(* Let $R$ be a field, and let $\ell,\ell'\in R[x]$ be of degree $1$; write $\ell'=r\ell-s$ with $r\in R^{*}$ and $s\in R$. Then $\ell'\sim\ell$ if and only if exactly one of the following holds: (1) $r=1$ and $s=0$ (i.e. $\ell'=\ell$); or (2) $r\neq1$, $s\neq0$, and $\frac{s}{r-1}$ has infinite multiplicative order in $R^{*}$.
   Context: For a ring $S$ and $\ell,\ell'\in S$, $\ell$ and $\ell'$ are called 1-connected, written $\ell\sim\ell'$, if for all positive integers $m,n$ such that $(\ell-\ell')\mid(\ell^m-(\ell')^n)$ we must have $m=n$. $R[x]$ is the polynomial ring in one indeterminate over the field $R$. *)

From HB Require Import structures.
From mathcomp Require Import all_boot all_order all_algebra.
Set Implicit Arguments. Unset Strict Implicit. Unset Printing Implicit Defensive.
Import GRing.Theory.
Local Open Scope ring_scope.

Definition rdvd (S : comRingType) (a b : S) : Prop := exists q : S, b = q * a.

Definition one_connected (S : comRingType) (l l' : S) : Prop :=
  forall m n : nat, (0 < m)%N -> (0 < n)%N ->
    rdvd (l - l') (l ^+ m - l' ^+ n) -> m = n.

Definition infinite_mult_order (R : unitRingType) (x : R) : Prop :=
  x \is a GRing.unit /\ forall n : nat, (0 < n)%N -> x ^+ n != 1.

From HB Require Import structures.
From mathcomp Require Import all_boot all_order all_algebra.
Set Implicit Arguments. Unset Strict Implicit. Unset Printing Implicit Defensive.
Import GRing.Theory.
Local Open Scope ring_scope.

(* Let l, l' be linear polynomials over a field R with l' = r l - s, r <> 0.
   The proof splits on whether the difference d = l' - l is constant.
   - If r = 1 then d = -s is constant.  For s = 0 we have l' = l, and
     l ~ l holds because l^m = l^n forces m = n by comparing degrees.  For
     s <> 0 the difference is a unit, so it divides everything and 1-connectedness
     fails (take m = 1, n = 2).
   - If r <> 1 then d = (r - 1) l - s is linear with a root a.  Divisibility by
     a linear polynomial is vanishing at its root, and l and l' agree at a with
     common value c = l(a) = s/(r - 1).  Hence l' ~ l iff c^m = c^n forces m = n
     for positive m, n, which in a field means that c has infinite order. *)

Definition pos_powers_injective {S : pzRingType} (c : S) : Prop :=
  forall m n : nat, (0 < m)%N -> (0 < n)%N -> c ^+ m = c ^+ n -> m = n.

Lemma exactly_one_of_exclusive (A B : Prop) :
  ~ (A /\ B) -> ((A /\ ~ B) \/ (~ A /\ B) <-> A \/ B).
Proof. tauto. Qed.

(* In a field, positive powers of c are distinct iff c has infinite order
   in the unit group (c = 0 fails since 0^1 = 0^2). *)
Lemma pos_powers_injectiveP (F : fieldType) (c : F) :
  pos_powers_injective c <-> infinite_mult_order c.
Proof.
split=> [inj | [c_unit c_inf] m n m_gt0 n_gt0 cmn].
  have c_neq0 : c != 0.
    by apply/eqP=> c0; have := inj 1%N 2%N isT isT; rewrite c0 !expr0n => /(_ erefl).
  split=> [|k k_gt0]; first by rewrite unitfE.
  apply/eqP=> ck1; have := inj k.+1 1%N isT isT.
  by rewrite exprS ck1 mulr1 => /(_ erefl) [k0]; rewrite k0 in k_gt0.
have c_neq0 : c != 0 by rewrite -unitfE.
(* if m < n then c^(n - m) = 1, and symmetrically *)
have shift p q : (p < q)%N -> c ^+ p = c ^+ q -> False.
  move=> pq cpq; have := c_inf (q - p)%N; rewrite subn_gt0 pq => /(_ isT) /eqP; apply.
  apply: (mulfI (expf_neq0 p c_neq0)).
  by rewrite -exprD subnKC ?(ltnW pq) // mulr1.
by case: (ltngtP m n) => [mn|nm|//]; [case: (shift m n) | case: (shift n m)].
Qed.

(* A polynomial is 1-connected to itself as soon as it is non-constant:
   l^m = l^n forces m = n by comparing degrees. *)
Lemma one_connected_refl (R : idomainType) (p : {poly R}) :
  (1 < size p)%N -> one_connected p p.
Proof.
move=> p_nonconst m n _ _ [q]; rewrite subrr mulr0 => /eqP; rewrite subr_eq0 => /eqP pmn.
have /eqP := size_exp p m; rewrite pmn size_exp eqn_mul2l => /orP[|/eqP //].
by rewrite -subn1 subn_eq0 leqNgt p_nonconst.
Qed.

(* If the difference is a unit it divides every element, so 1-connectedness
   fails: (l - l') | (l^1 - l'^2). *)
Lemma unit_diff_not_one_connected (S : comUnitRingType) (l l' : S) :
  l - l' \is a GRing.unit -> ~ one_connected l l'.
Proof.
move=> d_unit conn; suff : (1 = 2)%N by [].
by apply: conn => //; exists ((l ^+ 1 - l' ^+ 2) / (l - l')); rewrite divrK.
Qed.

Lemma linear_poly_root (R : fieldType) (p : {poly R}) :
  size p = 2%N -> exists a, root p a.
Proof.
move=> p_size; have lead_neq0 : p`_1 != 0.
  have := lead_coef_eq0 p; rewrite /lead_coef p_size /= => ->.
  by rewrite -size_poly_eq0 p_size.
exists (- p`_0 / p`_1); apply/rootP.
rewrite horner_coef p_size !big_ord_recr big_ord0 /= add0r expr0 mulr1 expr1.
by rewrite mulrCA mulfV // mulr1 subrr.
Qed.

Lemma rdvd_linear_root (R : fieldType) (d q : {poly R}) (a : R) :
  size d = 2%N -> root d a -> (rdvd d q <-> root q a).
Proof.
move=> d_size da.
have Xa_eqp_d : ('X - a%:P) %= d.
  by rewrite -dvdp_size_eqp ?dvdp_XsubCl // size_XsubC d_size.
rewrite -dvdp_XsubCl (eqp_dvdl _ Xa_eqp_d); split.
  by case=> q' ->; apply/dvdpP; exists q'.
by move/dvdpP=> [q' ->]; exists q'.
Qed.

Lemma one_connected_linear_diff (R : fieldType) (l l' : {poly R}) (a : R) :
  size (l' - l) = 2%N -> root (l' - l) a ->
  one_connected l' l <-> pos_powers_injective l.[a].
Proof.
move=> d_size da.
have l'a : l'.[a] = l.[a].
  by apply/eqP; rewrite -subr_eq0; move/rootP: da; rewrite !hornerE => ->.
have dvdE m n : rdvd (l' - l) (l' ^+ m - l ^+ n) <-> l.[a] ^+ m = l.[a] ^+ n.
  apply: (iff_trans (rdvd_linear_root _ d_size da)).
  rewrite /root !(hornerE, horner_exp) l'a subr_eq0.
  by split=> [/eqP|->].
by split=> conn m n m_gt0 n_gt0 /dvdE; apply: conn.
Qed.

Lemma size_scale_subC (R : fieldType) (p : {poly R}) (k c : R) :
  (1 < size p)%N -> k != 0 -> size (k *: p - c%:P) = size p.
Proof.
move=> p_nonconst k_neq0; rewrite size_polyDl size_scale //.
by rewrite size_polyN (leq_ltn_trans (size_polyC_leq1 c)) // size_scale.
Qed.

Theorem lemma2p7 (R : fieldType) (l l' : {poly R}) (r s : R) :
  size l = 2%N -> size l' = 2%N -> r != 0 ->
  l' = r *: l - s%:P ->
  (one_connected l' l <->
    (((r = 1 /\ s = 0) /\ ~ (r != 1 /\ s != 0 /\ infinite_mult_order (s / (r - 1))))
     \/ (~ (r = 1 /\ s = 0) /\ (r != 1 /\ s != 0 /\ infinite_mult_order (s / (r - 1)))))).
Proof.
move=> l_size _ _ l'_def.
have exclusive : ~ ((r = 1 /\ s = 0) /\
    (r != 1 /\ s != 0 /\ infinite_mult_order (s / (r - 1)))).
  by case=> [[-> _] [/eqP]].
apply: (iff_trans _ (iff_sym (exactly_one_of_exclusive exclusive))).
have [r1|r_neq1] := eqVneq r 1.
  have [s0|s_neq0] := eqVneq s 0.
    rewrite l'_def r1 s0 scale1r subr0; split=> [_|_]; first by left.
    by apply: one_connected_refl; rewrite l_size.
  split=> [conn|]; last by case=> [[_ /eqP]|[]]; rewrite ?(negbTE s_neq0).
  exfalso; apply: (unit_diff_not_one_connected _ conn).
  rewrite l'_def r1 scale1r addrAC subrr add0r -polyCN poly_unitE size_polyC.
  by rewrite oppr_eq0 s_neq0 coefC unitfE oppr_eq0.
have r1_neq0 : r - 1 != 0 by rewrite subr_eq0.
have d_def : l' - l = (r - 1) *: l - s%:P by rewrite l'_def scalerBl scale1r addrAC.
have d_size : size (l' - l) = 2%N by rewrite d_def size_scale_subC ?l_size.
have [a da] := linear_poly_root d_size.
have la : l.[a] = s / (r - 1).
  move/rootP: (da); rewrite d_def !hornerE => /eqP; rewrite subr_eq0 => /eqP <-.
  by rewrite mulrC mulKf.
apply: (iff_trans (one_connected_linear_diff d_size da)); rewrite la.
apply: (iff_trans (pos_powers_injectiveP _)).
split=> [inf|[[/eqP] | [_ [] //]]]; last by rewrite (negbTE r_neq1).
right; do !split=> //; apply/eqP=> s0; move: inf; rewrite s0 mul0r => -[].
by rewrite unitfE eqxx.
Qed.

----

▸ **How to complete this task**
Proceeding from the line containing "have [r1|r_neq1] := eqVneq r 1." through the line containing "apply: (iff_trans (pos_powers_injectiveP _)).", transcribe the lines above exactly, both end lines included.

▸ **Solution to this task**
have [r1|r_neq1] := eqVneq r 1.
  have [s0|s_neq0] := eqVneq s 0.
    rewrite l'_def r1 s0 scale1r subr0; split=> [_|_]; first by left.
    by apply: one_connected_refl; rewrite l_size.
  split=> [conn|]; last by case=> [[_ /eqP]|[]]; rewrite ?(negbTE s_neq0).
  exfalso; apply: (unit_diff_not_one_connected _ conn).
  rewrite l'_def r1 scale1r addrAC subrr add0r -polyCN poly_unitE size_polyC.
  by rewrite oppr_eq0 s_neq0 coefC unitfE oppr_eq0.
have r1_neq0 : r - 1 != 0 by rewrite subr_eq0.
have d_def : l' - l = (r - 1) *: l - s%:P by rewrite l'_def scalerBl scale1r addrAC.
have d_size : size (l' - l) = 2%N by rewrite d_def size_scale_subC ?l_size.
have [a da] := linear_poly_root d_size.
have la : l.[a] = s / (r - 1).
  move/rootP: (da); rewrite d_def !hornerE => /eqP; rewrite subr_eq0 => /eqP <-.
  by rewrite mulrC mulKf.
apply: (iff_trans (one_connected_linear_diff d_size da)); rewrite la.
apply: (iff_trans (pos_powers_injectiveP _)).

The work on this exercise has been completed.